## WHAT YOU NEED TO DO
Below are some records; quote exactly the lines from the one that contains "move=> /existsP [x'" through the one that contains "have sound_s := sound_type", inclusive, and no others.

-- RECORDS TO USE follows --

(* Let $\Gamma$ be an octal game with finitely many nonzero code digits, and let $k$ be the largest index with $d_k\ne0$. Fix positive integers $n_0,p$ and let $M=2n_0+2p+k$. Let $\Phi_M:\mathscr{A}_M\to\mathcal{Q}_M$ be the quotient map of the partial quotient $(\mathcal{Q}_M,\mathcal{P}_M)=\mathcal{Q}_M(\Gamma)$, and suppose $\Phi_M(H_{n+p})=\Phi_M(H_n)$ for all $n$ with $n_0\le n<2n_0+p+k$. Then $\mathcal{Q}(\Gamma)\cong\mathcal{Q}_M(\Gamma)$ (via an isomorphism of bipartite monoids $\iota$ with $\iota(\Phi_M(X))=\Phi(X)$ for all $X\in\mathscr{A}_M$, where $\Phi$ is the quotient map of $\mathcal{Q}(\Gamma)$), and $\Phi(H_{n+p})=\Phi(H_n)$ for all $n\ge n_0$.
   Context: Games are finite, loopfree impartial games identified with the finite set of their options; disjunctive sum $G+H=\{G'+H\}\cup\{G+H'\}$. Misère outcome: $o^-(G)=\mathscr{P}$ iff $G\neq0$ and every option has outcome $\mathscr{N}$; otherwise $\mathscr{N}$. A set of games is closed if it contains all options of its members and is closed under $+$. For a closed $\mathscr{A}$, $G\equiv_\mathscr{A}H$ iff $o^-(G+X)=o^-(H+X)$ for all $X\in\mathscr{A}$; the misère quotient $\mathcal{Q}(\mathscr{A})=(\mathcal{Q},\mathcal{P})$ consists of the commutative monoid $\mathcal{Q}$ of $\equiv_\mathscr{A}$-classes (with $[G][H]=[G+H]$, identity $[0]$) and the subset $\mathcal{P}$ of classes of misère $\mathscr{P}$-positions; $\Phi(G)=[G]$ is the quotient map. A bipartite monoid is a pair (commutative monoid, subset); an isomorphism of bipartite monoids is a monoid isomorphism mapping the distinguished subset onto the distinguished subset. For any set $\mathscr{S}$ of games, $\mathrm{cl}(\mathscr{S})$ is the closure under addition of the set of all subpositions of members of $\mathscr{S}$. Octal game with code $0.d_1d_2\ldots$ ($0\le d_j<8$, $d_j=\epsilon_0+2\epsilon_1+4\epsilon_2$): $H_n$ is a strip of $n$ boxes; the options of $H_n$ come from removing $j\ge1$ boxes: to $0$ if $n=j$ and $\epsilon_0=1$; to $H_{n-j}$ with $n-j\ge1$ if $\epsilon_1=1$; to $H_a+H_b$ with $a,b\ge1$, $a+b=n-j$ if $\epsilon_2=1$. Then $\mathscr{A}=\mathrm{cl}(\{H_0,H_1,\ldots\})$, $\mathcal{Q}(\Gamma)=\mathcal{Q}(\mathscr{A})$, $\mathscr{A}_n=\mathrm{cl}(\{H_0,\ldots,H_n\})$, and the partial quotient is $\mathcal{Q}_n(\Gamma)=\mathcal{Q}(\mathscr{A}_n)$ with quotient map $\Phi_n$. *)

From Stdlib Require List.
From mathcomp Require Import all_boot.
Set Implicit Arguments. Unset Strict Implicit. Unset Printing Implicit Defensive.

-- RECORDS TO USE concluded --
-- RECORDS TO USE follows --

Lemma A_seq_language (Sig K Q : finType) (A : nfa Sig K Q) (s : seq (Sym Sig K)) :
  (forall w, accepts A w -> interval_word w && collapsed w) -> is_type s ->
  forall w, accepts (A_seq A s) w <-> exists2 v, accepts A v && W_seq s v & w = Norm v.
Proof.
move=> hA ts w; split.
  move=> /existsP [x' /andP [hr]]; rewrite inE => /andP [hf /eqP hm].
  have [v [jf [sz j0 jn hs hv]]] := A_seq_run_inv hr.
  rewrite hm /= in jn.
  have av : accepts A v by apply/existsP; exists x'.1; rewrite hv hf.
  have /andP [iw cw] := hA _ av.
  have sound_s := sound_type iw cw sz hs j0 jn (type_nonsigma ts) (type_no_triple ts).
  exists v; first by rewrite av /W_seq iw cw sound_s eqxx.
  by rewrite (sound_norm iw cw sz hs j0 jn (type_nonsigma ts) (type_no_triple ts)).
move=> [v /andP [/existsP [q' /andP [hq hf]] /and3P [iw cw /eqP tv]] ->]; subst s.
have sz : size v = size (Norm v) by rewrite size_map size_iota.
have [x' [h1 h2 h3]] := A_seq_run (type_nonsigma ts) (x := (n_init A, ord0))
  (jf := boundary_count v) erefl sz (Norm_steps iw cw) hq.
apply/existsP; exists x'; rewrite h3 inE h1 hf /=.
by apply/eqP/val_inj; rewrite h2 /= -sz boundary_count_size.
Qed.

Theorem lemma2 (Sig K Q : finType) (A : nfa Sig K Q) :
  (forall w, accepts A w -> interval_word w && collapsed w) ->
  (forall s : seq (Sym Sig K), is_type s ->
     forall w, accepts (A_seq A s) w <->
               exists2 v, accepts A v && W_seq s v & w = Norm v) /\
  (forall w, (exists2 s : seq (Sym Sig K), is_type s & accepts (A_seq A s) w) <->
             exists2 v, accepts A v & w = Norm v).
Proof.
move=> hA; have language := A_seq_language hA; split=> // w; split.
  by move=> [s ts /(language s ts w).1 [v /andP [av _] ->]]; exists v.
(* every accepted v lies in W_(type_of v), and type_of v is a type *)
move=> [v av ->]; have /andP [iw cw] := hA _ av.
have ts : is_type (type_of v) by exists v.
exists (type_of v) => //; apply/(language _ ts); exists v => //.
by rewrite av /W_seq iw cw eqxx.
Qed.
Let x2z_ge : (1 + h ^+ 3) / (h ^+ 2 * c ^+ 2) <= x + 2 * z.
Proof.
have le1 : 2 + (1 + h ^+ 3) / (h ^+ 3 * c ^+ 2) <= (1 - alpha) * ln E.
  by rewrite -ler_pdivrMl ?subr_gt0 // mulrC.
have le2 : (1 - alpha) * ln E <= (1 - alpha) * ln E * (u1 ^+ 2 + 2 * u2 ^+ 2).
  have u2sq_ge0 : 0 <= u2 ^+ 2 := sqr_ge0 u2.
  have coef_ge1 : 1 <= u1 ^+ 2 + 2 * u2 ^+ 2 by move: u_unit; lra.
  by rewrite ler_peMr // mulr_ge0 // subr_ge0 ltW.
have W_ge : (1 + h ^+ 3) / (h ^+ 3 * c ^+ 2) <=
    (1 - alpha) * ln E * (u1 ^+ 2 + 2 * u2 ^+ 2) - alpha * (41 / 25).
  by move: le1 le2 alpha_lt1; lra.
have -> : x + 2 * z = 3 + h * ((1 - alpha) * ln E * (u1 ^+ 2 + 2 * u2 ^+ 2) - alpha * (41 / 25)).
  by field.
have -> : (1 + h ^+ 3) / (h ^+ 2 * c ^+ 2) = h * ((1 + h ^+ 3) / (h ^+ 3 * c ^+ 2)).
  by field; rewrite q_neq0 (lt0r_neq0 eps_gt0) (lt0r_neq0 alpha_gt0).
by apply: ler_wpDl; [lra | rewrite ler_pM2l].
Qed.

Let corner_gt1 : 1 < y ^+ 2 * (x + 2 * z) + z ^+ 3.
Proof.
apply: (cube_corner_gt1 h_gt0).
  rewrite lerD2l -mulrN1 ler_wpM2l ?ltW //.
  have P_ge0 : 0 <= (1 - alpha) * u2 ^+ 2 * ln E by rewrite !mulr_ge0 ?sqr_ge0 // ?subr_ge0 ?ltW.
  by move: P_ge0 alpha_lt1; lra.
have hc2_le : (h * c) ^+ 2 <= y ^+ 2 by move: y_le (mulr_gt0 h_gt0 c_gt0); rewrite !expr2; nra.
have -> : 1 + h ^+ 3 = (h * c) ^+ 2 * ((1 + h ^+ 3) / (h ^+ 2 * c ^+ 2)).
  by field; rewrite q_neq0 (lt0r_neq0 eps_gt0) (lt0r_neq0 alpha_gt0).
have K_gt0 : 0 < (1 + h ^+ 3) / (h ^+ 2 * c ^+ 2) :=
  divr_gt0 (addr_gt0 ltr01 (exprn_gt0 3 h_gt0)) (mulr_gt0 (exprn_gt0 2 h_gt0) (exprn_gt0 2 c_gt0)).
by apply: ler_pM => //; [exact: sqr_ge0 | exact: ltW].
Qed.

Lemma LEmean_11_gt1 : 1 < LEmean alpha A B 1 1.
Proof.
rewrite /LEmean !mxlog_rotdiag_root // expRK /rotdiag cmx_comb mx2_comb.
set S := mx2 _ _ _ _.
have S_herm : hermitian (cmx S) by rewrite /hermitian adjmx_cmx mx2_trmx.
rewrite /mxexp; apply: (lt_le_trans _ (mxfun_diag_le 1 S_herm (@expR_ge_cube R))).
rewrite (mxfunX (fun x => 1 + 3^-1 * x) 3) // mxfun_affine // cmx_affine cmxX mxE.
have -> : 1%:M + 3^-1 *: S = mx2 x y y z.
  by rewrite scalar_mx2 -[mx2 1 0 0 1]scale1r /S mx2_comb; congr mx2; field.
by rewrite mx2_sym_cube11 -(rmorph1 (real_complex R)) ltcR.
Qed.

-- RECORDS TO USE concluded --

## RESULT FOR THIS EXERCISE
  move=> /existsP [x' /andP [hr]]; rewrite inE => /andP [hf /eqP hm].
  have [v [jf [sz j0 jn hs hv]]] := A_seq_run_inv hr.
  rewrite hm /= in jn.
  have av : accepts A v by apply/existsP; exists x'.1; rewrite hv hf.
  have /andP [iw cw] := hA _ av.
  have sound_s := sound_type iw cw sz hs j0 jn (type_nonsigma ts) (type_no_triple ts).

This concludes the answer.